▶ _ASSIGNMENT_
The listing below needs to be copied in full, exactly.

RECORDED INFORMATION Block Start

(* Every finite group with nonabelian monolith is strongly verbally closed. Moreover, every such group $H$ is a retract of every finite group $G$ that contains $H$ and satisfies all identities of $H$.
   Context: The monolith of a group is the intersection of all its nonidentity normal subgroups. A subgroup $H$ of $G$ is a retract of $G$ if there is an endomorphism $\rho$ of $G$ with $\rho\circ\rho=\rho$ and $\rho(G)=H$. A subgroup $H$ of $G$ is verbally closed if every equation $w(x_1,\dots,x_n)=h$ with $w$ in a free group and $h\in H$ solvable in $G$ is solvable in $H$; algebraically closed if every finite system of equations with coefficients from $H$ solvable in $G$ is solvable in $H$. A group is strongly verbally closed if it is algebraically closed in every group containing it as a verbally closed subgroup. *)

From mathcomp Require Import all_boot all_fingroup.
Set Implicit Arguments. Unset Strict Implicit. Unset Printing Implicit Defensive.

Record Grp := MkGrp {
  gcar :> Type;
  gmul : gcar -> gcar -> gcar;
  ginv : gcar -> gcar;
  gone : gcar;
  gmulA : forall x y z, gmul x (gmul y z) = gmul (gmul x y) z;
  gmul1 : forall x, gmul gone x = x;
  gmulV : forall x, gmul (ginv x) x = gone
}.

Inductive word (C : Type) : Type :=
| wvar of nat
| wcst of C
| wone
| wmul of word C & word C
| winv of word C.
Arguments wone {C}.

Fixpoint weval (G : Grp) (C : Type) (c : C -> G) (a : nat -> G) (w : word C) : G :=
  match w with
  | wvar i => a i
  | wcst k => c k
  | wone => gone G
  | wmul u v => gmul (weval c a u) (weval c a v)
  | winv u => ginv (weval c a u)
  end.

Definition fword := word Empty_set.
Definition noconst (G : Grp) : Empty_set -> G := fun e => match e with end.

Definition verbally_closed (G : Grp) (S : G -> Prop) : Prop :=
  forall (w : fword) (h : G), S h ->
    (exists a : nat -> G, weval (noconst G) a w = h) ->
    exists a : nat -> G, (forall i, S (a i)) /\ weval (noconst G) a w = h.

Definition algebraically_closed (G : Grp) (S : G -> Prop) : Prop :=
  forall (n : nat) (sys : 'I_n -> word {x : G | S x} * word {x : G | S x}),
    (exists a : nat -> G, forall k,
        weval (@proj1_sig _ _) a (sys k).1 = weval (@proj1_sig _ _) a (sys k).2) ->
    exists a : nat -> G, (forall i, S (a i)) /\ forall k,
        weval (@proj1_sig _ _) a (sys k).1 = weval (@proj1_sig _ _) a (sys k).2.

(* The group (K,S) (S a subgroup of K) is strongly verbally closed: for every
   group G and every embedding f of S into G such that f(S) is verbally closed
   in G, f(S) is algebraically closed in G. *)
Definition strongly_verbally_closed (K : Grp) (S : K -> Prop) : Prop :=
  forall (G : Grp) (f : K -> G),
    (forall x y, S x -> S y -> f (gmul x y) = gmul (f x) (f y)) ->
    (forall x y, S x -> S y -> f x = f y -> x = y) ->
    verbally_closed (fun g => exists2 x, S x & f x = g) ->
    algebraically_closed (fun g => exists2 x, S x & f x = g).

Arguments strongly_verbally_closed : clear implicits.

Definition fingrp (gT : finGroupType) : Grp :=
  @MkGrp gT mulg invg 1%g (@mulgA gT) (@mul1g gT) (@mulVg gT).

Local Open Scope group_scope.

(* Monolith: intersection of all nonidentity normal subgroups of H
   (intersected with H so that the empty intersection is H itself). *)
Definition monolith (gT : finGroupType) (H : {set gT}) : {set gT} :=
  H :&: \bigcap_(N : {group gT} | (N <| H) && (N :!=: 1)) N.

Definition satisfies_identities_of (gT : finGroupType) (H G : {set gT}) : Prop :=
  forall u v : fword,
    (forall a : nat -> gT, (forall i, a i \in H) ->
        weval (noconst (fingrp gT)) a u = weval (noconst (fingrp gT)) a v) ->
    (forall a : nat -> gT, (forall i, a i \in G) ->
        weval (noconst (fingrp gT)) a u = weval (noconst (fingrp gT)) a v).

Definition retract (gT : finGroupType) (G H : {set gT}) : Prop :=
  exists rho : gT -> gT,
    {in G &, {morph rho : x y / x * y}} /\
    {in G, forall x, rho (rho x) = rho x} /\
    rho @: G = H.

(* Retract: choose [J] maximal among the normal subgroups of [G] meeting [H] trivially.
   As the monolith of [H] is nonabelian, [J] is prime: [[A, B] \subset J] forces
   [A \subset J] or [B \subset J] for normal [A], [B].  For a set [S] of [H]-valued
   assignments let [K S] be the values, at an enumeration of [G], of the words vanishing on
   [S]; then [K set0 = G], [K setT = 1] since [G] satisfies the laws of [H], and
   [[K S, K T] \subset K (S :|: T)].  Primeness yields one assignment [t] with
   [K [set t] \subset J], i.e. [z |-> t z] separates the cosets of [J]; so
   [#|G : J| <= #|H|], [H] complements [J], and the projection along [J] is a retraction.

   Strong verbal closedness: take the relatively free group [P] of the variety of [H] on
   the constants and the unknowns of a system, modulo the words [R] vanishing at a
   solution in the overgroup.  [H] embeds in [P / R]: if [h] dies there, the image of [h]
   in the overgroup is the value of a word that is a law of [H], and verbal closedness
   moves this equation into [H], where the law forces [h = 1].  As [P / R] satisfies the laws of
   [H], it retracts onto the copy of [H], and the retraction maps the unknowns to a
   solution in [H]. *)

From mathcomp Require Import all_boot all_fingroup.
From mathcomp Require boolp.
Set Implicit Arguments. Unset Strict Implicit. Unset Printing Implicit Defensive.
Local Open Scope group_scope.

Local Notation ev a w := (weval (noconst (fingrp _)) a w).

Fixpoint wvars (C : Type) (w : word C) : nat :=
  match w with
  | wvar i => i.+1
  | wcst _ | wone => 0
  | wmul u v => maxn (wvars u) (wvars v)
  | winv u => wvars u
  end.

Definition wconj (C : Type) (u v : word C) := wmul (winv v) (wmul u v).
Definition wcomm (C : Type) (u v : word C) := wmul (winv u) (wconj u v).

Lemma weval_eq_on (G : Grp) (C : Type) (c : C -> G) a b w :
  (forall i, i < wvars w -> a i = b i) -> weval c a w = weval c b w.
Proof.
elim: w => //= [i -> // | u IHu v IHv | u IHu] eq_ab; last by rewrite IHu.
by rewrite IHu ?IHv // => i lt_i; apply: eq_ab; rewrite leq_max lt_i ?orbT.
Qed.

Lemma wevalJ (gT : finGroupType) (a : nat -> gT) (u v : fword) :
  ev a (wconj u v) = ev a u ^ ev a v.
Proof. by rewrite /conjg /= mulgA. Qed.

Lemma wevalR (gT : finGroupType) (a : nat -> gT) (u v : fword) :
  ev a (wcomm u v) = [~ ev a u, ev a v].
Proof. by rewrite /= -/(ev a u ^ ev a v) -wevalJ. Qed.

RECORDED INFORMATION Block End

▶ _OUTPUT FOR THIS TASK_
(* Every finite group with nonabelian monolith is strongly verbally closed. Moreover, every such group $H$ is a retract of every finite group $G$ that contains $H$ and satisfies all identities of $H$.
   Context: The monolith of a group is the intersection of all its nonidentity normal subgroups. A subgroup $H$ of $G$ is a retract of $G$ if there is an endomorphism $\rho$ of $G$ with $\rho\circ\rho=\rho$ and $\rho(G)=H$. A subgroup $H$ of $G$ is verbally closed if every equation $w(x_1,\dots,x_n)=h$ with $w$ in a free group and $h\in H$ solvable in $G$ is solvable in $H$; algebraically closed if every finite system of equations with coefficients from $H$ solvable in $G$ is solvable in $H$. A group is strongly verbally closed if it is algebraically closed in every group containing it as a verbally closed subgroup. *)

From mathcomp Require Import all_boot all_fingroup.
Set Implicit Arguments. Unset Strict Implicit. Unset Printing Implicit Defensive.

Record Grp := MkGrp {
  gcar :> Type;
  gmul : gcar -> gcar -> gcar;
  ginv : gcar -> gcar;
  gone : gcar;
  gmulA : forall x y z, gmul x (gmul y z) = gmul (gmul x y) z;
  gmul1 : forall x, gmul gone x = x;
  gmulV : forall x, gmul (ginv x) x = gone
}.

Inductive word (C : Type) : Type :=
| wvar of nat
| wcst of C
| wone
| wmul of word C & word C
| winv of word C.
Arguments wone {C}.

Fixpoint weval (G : Grp) (C : Type) (c : C -> G) (a : nat -> G) (w : word C) : G :=
  match w with
  | wvar i => a i
  | wcst k => c k
  | wone => gone G
  | wmul u v => gmul (weval c a u) (weval c a v)
  | winv u => ginv (weval c a u)
  end.

Definition fword := word Empty_set.
Definition noconst (G : Grp) : Empty_set -> G := fun e => match e with end.

Definition verbally_closed (G : Grp) (S : G -> Prop) : Prop :=
  forall (w : fword) (h : G), S h ->
    (exists a : nat -> G, weval (noconst G) a w = h) ->
    exists a : nat -> G, (forall i, S (a i)) /\ weval (noconst G) a w = h.

Definition algebraically_closed (G : Grp) (S : G -> Prop) : Prop :=
  forall (n : nat) (sys : 'I_n -> word {x : G | S x} * word {x : G | S x}),
    (exists a : nat -> G, forall k,
        weval (@proj1_sig _ _) a (sys k).1 = weval (@proj1_sig _ _) a (sys k).2) ->
    exists a : nat -> G, (forall i, S (a i)) /\ forall k,
        weval (@proj1_sig _ _) a (sys k).1 = weval (@proj1_sig _ _) a (sys k).2.

(* The group (K,S) (S a subgroup of K) is strongly verbally closed: for every
   group G and every embedding f of S into G such that f(S) is verbally closed
   in G, f(S) is algebraically closed in G. *)
Definition strongly_verbally_closed (K : Grp) (S : K -> Prop) : Prop :=
  forall (G : Grp) (f : K -> G),
    (forall x y, S x -> S y -> f (gmul x y) = gmul (f x) (f y)) ->
    (forall x y, S x -> S y -> f x = f y -> x = y) ->
    verbally_closed (fun g => exists2 x, S x & f x = g) ->
    algebraically_closed (fun g => exists2 x, S x & f x = g).

Arguments strongly_verbally_closed : clear implicits.

Definition fingrp (gT : finGroupType) : Grp :=
  @MkGrp gT mulg invg 1%g (@mulgA gT) (@mul1g gT) (@mulVg gT).

Local Open Scope group_scope.

(* Monolith: intersection of all nonidentity normal subgroups of H
   (intersected with H so that the empty intersection is H itself). *)
Definition monolith (gT : finGroupType) (H : {set gT}) : {set gT} :=
  H :&: \bigcap_(N : {group gT} | (N <| H) && (N :!=: 1)) N.

Definition satisfies_identities_of (gT : finGroupType) (H G : {set gT}) : Prop :=
  forall u v : fword,
    (forall a : nat -> gT, (forall i, a i \in H) ->
        weval (noconst (fingrp gT)) a u = weval (noconst (fingrp gT)) a v) ->
    (forall a : nat -> gT, (forall i, a i \in G) ->
        weval (noconst (fingrp gT)) a u = weval (noconst (fingrp gT)) a v).

Definition retract (gT : finGroupType) (G H : {set gT}) : Prop :=
  exists rho : gT -> gT,
    {in G &, {morph rho : x y / x * y}} /\
    {in G, forall x, rho (rho x) = rho x} /\
    rho @: G = H.

(* Retract: choose [J] maximal among the normal subgroups of [G] meeting [H] trivially.
   As the monolith of [H] is nonabelian, [J] is prime: [[A, B] \subset J] forces
   [A \subset J] or [B \subset J] for normal [A], [B].  For a set [S] of [H]-valued
   assignments let [K S] be the values, at an enumeration of [G], of the words vanishing on
   [S]; then [K set0 = G], [K setT = 1] since [G] satisfies the laws of [H], and
   [[K S, K T] \subset K (S :|: T)].  Primeness yields one assignment [t] with
   [K [set t] \subset J], i.e. [z |-> t z] separates the cosets of [J]; so
   [#|G : J| <= #|H|], [H] complements [J], and the projection along [J] is a retraction.

   Strong verbal closedness: take the relatively free group [P] of the variety of [H] on
   the constants and the unknowns of a system, modulo the words [R] vanishing at a
   solution in the overgroup.  [H] embeds in [P / R]: if [h] dies there, the image of [h]
   in the overgroup is the value of a word that is a law of [H], and verbal closedness
   moves this equation into [H], where the law forces [h = 1].  As [P / R] satisfies the laws of
   [H], it retracts onto the copy of [H], and the retraction maps the unknowns to a
   solution in [H]. *)

From mathcomp Require Import all_boot all_fingroup.
From mathcomp Require boolp.
Set Implicit Arguments. Unset Strict Implicit. Unset Printing Implicit Defensive.
Local Open Scope group_scope.

Local Notation ev a w := (weval (noconst (fingrp _)) a w).

Fixpoint wvars (C : Type) (w : word C) : nat :=
  match w with
  | wvar i => i.+1
  | wcst _ | wone => 0
  | wmul u v => maxn (wvars u) (wvars v)
  | winv u => wvars u
  end.

Definition wconj (C : Type) (u v : word C) := wmul (winv v) (wmul u v).
Definition wcomm (C : Type) (u v : word C) := wmul (winv u) (wconj u v).

Lemma weval_eq_on (G : Grp) (C : Type) (c : C -> G) a b w :
  (forall i, i < wvars w -> a i = b i) -> weval c a w = weval c b w.
Proof.
elim: w => //= [i -> // | u IHu v IHv | u IHu] eq_ab; last by rewrite IHu.
by rewrite IHu ?IHv // => i lt_i; apply: eq_ab; rewrite leq_max lt_i ?orbT.
Qed.

Lemma wevalJ (gT : finGroupType) (a : nat -> gT) (u v : fword) :
  ev a (wconj u v) = ev a u ^ ev a v.
Proof. by rewrite /conjg /= mulgA. Qed.

Lemma wevalR (gT : finGroupType) (a : nat -> gT) (u v : fword) :
  ev a (wcomm u v) = [~ ev a u, ev a v].
Proof. by rewrite /= -/(ev a u ^ ev a v) -wevalJ. Qed.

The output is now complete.